Data for the task: Begin

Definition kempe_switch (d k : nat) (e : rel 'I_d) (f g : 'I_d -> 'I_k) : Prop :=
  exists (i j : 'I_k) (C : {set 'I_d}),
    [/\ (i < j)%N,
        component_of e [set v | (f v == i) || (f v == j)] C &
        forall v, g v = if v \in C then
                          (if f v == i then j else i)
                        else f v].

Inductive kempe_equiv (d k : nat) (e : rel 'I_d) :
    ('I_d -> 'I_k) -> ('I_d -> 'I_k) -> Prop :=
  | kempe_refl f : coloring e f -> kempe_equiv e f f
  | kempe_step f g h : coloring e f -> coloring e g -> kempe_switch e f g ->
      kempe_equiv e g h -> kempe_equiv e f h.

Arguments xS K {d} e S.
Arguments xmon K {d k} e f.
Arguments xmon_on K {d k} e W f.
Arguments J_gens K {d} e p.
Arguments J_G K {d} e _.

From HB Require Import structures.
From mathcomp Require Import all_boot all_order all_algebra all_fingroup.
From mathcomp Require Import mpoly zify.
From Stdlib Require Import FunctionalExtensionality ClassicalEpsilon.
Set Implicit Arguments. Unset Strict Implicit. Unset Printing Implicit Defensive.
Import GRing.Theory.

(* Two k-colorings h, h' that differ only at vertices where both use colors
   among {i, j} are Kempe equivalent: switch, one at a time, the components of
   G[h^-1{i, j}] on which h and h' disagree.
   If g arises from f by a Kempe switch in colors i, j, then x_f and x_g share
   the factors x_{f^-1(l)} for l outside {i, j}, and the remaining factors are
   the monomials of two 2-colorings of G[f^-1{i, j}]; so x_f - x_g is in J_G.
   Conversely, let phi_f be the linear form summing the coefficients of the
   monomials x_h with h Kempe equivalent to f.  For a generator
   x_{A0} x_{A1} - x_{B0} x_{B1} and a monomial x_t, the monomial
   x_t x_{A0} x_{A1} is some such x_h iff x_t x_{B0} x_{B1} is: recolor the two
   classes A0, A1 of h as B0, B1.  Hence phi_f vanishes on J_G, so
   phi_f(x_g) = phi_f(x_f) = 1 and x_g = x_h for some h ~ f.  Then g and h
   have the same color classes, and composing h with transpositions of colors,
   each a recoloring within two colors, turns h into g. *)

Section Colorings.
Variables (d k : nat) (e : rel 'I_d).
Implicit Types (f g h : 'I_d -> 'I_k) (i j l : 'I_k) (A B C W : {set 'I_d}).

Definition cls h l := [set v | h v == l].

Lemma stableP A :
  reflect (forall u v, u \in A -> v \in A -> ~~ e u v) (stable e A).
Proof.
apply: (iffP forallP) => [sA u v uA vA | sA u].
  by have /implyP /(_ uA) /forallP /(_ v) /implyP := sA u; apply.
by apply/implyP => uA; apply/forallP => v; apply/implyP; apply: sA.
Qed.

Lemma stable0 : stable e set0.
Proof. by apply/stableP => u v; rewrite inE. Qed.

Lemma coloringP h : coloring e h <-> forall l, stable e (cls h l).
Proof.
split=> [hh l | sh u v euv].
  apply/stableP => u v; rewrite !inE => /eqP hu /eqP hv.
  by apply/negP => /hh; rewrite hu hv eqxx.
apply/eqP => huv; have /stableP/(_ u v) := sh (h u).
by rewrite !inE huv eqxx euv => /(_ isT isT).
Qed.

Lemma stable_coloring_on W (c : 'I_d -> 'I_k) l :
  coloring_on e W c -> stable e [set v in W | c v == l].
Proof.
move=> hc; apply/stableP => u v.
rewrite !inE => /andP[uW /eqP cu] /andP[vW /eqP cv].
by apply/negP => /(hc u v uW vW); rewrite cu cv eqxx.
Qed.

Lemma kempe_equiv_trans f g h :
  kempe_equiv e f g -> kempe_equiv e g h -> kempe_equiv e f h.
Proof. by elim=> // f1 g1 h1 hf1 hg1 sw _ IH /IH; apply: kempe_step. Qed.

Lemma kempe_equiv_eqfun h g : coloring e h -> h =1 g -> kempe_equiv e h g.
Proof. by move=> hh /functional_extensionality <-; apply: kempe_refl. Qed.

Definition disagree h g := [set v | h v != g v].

Data for the task: End

Exactly as they appear above, output the lines of the data from the first through the one that contains "From Stdlib Require", and only those lines.

Definition kempe_switch (d k : nat) (e : rel 'I_d) (f g : 'I_d -> 'I_k) : Prop :=
  exists (i j : 'I_k) (C : {set 'I_d}),
    [/\ (i < j)%N,
        component_of e [set v | (f v == i) || (f v == j)] C &
        forall v, g v = if v \in C then
                          (if f v == i then j else i)
                        else f v].

Inductive kempe_equiv (d k : nat) (e : rel 'I_d) :
    ('I_d -> 'I_k) -> ('I_d -> 'I_k) -> Prop :=
  | kempe_refl f : coloring e f -> kempe_equiv e f f
  | kempe_step f g h : coloring e f -> coloring e g -> kempe_switch e f g ->
      kempe_equiv e g h -> kempe_equiv e f h.

Arguments xS K {d} e S.
Arguments xmon K {d k} e f.
Arguments xmon_on K {d k} e W f.
Arguments J_gens K {d} e p.
Arguments J_G K {d} e _.

From HB Require Import structures.
From mathcomp Require Import all_boot all_order all_algebra all_fingroup.
From mathcomp Require Import mpoly zify.
From Stdlib Require Import FunctionalExtensionality ClassicalEpsilon.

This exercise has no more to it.